- _Stored data_:
Lemma rapidly_decreasing_lpart_dev (q r a : Z -> C) (sh : Z) :
  rapidly_decreasing q -> rapidly_decreasing r ->
  (forall j, Cmod (a j - 1)%C = Cmod (q j * r (j + sh)%Z)%C) ->
  exists N, forall n m, (n <= N)%Z -> lpart_dev a n m <= 1 / 2.
Proof.
intros Hq Hr Ha.
destruct (Hq 2%nat (1 / 2) ltac:(lra)) as [Nq HNq].
destruct (Hr 0%nat 1 ltac:(lra)) as [Nr HNr].
exists (- (Z.abs Nq + Z.abs Nr + Z.abs sh + 2))%Z. intros n m Hn.
assert (Hx : 2 <= - IZR n) by (rewrite <- opp_IZR; apply IZR_le; lia).
apply Rle_trans with (/ 2 * sum_f_R0 (fun i => / (- IZR n + INR i) ^ 2) m).
- rewrite scal_sum. apply sum_Rle. intros i _. rewrite Ha, Cmod_mult.
  set (j := (n - Z.of_nat i)%Z).
  set (x := - IZR n + INR i).
  assert (Hx0 : 0 < x) by (pose proof (pos_INR i); unfold x; lra).
  assert (Hy : 0 < x ^ 2) by now apply pow_lt.
  specialize (HNq j ltac:(unfold j; lia)). specialize (HNr (j + sh)%Z ltac:(unfold j; lia)).
  rewrite abs_IZR, pow2_abs in HNq. simpl pow in HNr.
  replace (IZR j ^ 2) with (x ^ 2) in HNq
    by (unfold j, x; rewrite minus_IZR, INR_IZR_INZ; ring).
  assert (Hqj : Cmod (q j) <= / 2 * / x ^ 2).
  { replace (Cmod (q j)) with (x ^ 2 * Cmod (q j) * / x ^ 2) by (field; lra).
    apply Rmult_le_compat_r; [left; now apply Rinv_0_lt_compat | lra]. }
  pose proof (Cmod_ge_0 (q j)). pose proof (Cmod_ge_0 (r (j + sh)%Z)). nra.
- pose proof (sum_inv_sqr_le (- IZR n) m Hx).
  assert (/ (- IZR n - 1) <= 1) by (rewrite <- Rinv_1; apply Rinv_le_contravar; lra).
  lra.
Qed.

Lemma is_lprod_neq0_rapidly_decreasing (q r a : Z -> C) (sh n : Z) (P : C) :
  rapidly_decreasing q -> rapidly_decreasing r ->
  (forall j, a j <> 0%C) ->
  (forall j, Cmod (a j - 1)%C = Cmod (q j * r (j + sh)%Z)%C) ->
  is_lprod a n P -> P <> 0%C.
Proof.
intros Hq Hr Ha Hdev.
destruct (rapidly_decreasing_lpart_dev q r a sh Hq Hr Hdev) as [N HN].
exact (is_lprod_neq0 a N n P Ha HN).
Qed.

Section Inversion.

Local Open Scope C_scope.

Variables q r D E : Z -> C.

Hypothesis HaD : forall n, 1 - q n * r n <> 0.
Hypothesis HaE : forall n, 1 + q n * r (n + 1)%Z <> 0.
Hypothesis HD : forall n, is_lprod (fun j => 1 - q j * r j) n (D n).
Hypothesis HE : forall n, is_lprod (fun j => 1 + q j * r (j + 1)%Z) n (E n).
Hypothesis HD0 : forall n, D n <> 0.
Hypothesis HE0 : forall n, E n <> 0.

Let u n := q n * E (n - 1)%Z / D n.
Let s n := r (n + 1)%Z * D n / E n.

Lemma D_pred (n : Z) : D n = D (n - 1)%Z * (1 - q n * r n).
Proof. exact (is_lprod_pred _ n _ _ (HD n) (HD (n - 1)%Z)). Qed.

Lemma E_pred (n : Z) : E n = E (n - 1)%Z * (1 + q n * r (n + 1)%Z).
Proof. exact (is_lprod_pred _ n _ _ (HE n) (HE (n - 1)%Z)). Qed.

Lemma one_add_u_succ_s (k : Z) : 1 + u (k + 1)%Z * s k = / (1 - q (k + 1)%Z * r (k + 1)%Z).
Proof.
unfold u, s. rewrite (D_pred (k + 1)). replace (k + 1 - 1)%Z with k by lia.
field. repeat split; auto.
Qed.

Lemma one_sub_u_s (k : Z) : 1 - u k * s k = / (1 + q k * r (k + 1)%Z).
Proof. unfold u, s. rewrite (E_pred k). field. repeat split; auto. Qed.

Lemma is_lprod_D_inv (n : Z) : is_lprod (fun k => 1 + u (k + 1)%Z * s k) (n - 1) (/ D n).
Proof.
apply (is_lprod_ext (fun k => / (1 - q (k + 1)%Z * r (k + 1)%Z))).
- intros k. now rewrite one_add_u_succ_s.
- apply (is_lprod_shift (fun j => / (1 - q j * r j))). now apply is_lprod_inv.
Qed.

Lemma is_lprod_E_inv (n : Z) : is_lprod (fun k => 1 - u k * s k) n (/ E n).
Proof.
apply (is_lprod_ext (fun k => / (1 + q k * r (k + 1)%Z))).
- intros k. now rewrite one_sub_u_s.
- now apply is_lprod_inv.
Qed.

Lemma is_lprod_q (n : Z) :
  is_lprod (fun k => (1 - u k * s k) / (1 + u (k + 1)%Z * s k)) (n - 1) (D n / E (n - 1)%Z).
Proof.
apply (is_lprod_ext (fun k => (1 - q (k + 1)%Z * r (k + 1)%Z) * / (1 + q k * r (k + 1)%Z))).
- intros k. rewrite one_add_u_succ_s, one_sub_u_s. field. split; auto.
- apply is_lprod_mult.
  + apply (is_lprod_shift (fun j => 1 - q j * r j)), HD.
  + now apply is_lprod_inv.
Qed.

Lemma is_lprod_r (n : Z) :
  is_lprod (fun k => (1 + u k * s (k - 1)%Z) / (1 - u k * s k)) (n - 1)
    (E (n - 1)%Z / D (n - 1)%Z).
Proof.
apply (is_lprod_ext (fun k => (1 + q k * r (k + 1)%Z) * / (1 - q k * r k))).
- intros k. pose proof (one_add_u_succ_s (k - 1)) as Hk.
  replace (k - 1 + 1)%Z with k in Hk by lia.
  rewrite Hk, one_sub_u_s. field. split; auto.
- apply is_lprod_mult; [apply HE | now apply is_lprod_inv].
Qed.

End Inversion.

Theorem proposition3p2 (q r : Z -> C) (D E : Z -> C) :
  rapidly_decreasing q -> rapidly_decreasing r ->
  (forall n : Z, Cminus 1 (Cmult (q n) (r n)) <> 0) ->
  (forall n : Z, Cplus 1 (Cmult (q n) (r (n + 1)%Z)) <> 0) ->
  (forall n : Z, is_lprod (fun j => Cminus 1 (Cmult (q j) (r j))) n (D n)) ->
  (forall n : Z, is_lprod (fun j => Cplus 1 (Cmult (q j) (r (j + 1)%Z))) n (E n)) ->
  let u := fun n : Z => Cdiv (Cmult (q n) (E (n - 1)%Z)) (D n) in
  let s := fun n : Z => Cdiv (Cmult (r (n + 1)%Z) (D n)) (E n) in
  forall n : Z,
    (exists P, is_lprod (fun k => Cplus 1 (Cmult (u (k + 1)%Z) (s k))) (n - 1)%Z P
               /\ D n = Cinv P) /\
    (exists P, is_lprod (fun k => Cminus 1 (Cmult (u k) (s k))) n P
               /\ E n = Cinv P) /\
    (exists P, is_lprod (fun k => Cdiv (Cminus 1 (Cmult (u k) (s k)))
                                       (Cplus 1 (Cmult (u (k + 1)%Z) (s k)))) (n - 1)%Z P
               /\ q n = Cmult (u n) P) /\
    (exists P, is_lprod (fun k => Cdiv (Cplus 1 (Cmult (u k) (s (k - 1)%Z)))
                                       (Cminus 1 (Cmult (u k) (s k)))) (n - 1)%Z P
               /\ r n = Cmult (s (n - 1)%Z) P).
Proof.
intros Hq Hr HaD HaE HD HE u s n.
assert (HD0 : forall k, D k <> 0%C).
{ intros k. apply (is_lprod_neq0_rapidly_decreasing q r _ 0 k _ Hq Hr HaD); [|apply HD].
  intros j. rewrite Z.add_0_r, <- Cmod_opp. f_equal. ring. }
assert (HE0 : forall k, E k <> 0%C).
{ intros k. apply (is_lprod_neq0_rapidly_decreasing q r _ 1 k _ Hq Hr HaE); [|apply HE].
  intros j. f_equal. ring. }
split; [|split; [|split]].
- exists (/ D n)%C. split; [now apply is_lprod_D_inv | field; auto].
- exists (/ E n)%C. split; [now apply is_lprod_E_inv | field; auto].
- exists (D n / E (n - 1)%Z)%C. split; [now apply is_lprod_q | unfold u; field; auto].
- exists (E (n - 1)%Z / D (n - 1)%Z)%C. split; [now apply is_lprod_r |].
  unfold s. replace (n - 1 + 1)%Z with n by lia. field. auto.
Qed.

- _WHAT NEEDS TO BE DONE_:
Would you print exactly, and only, the lines of the data above from the line with "(forall n : Z, is_lprod (fun j => Cminus" through the line with "(exists P, is_lprod (fun k => Cminus", inclusive?

- _THE ANSWER_:
  (forall n : Z, is_lprod (fun j => Cminus 1 (Cmult (q j) (r j))) n (D n)) ->
  (forall n : Z, is_lprod (fun j => Cplus 1 (Cmult (q j) (r (j + 1)%Z))) n (E n)) ->
  let u := fun n : Z => Cdiv (Cmult (q n) (E (n - 1)%Z)) (D n) in
  let s := fun n : Z => Cdiv (Cmult (r (n + 1)%Z) (D n)) (E n) in
  forall n : Z,
    (exists P, is_lprod (fun k => Cplus 1 (Cmult (u (k + 1)%Z) (s k))) (n - 1)%Z P
               /\ D n = Cinv P) /\
    (exists P, is_lprod (fun k => Cminus 1 (Cmult (u k) (s k))) n P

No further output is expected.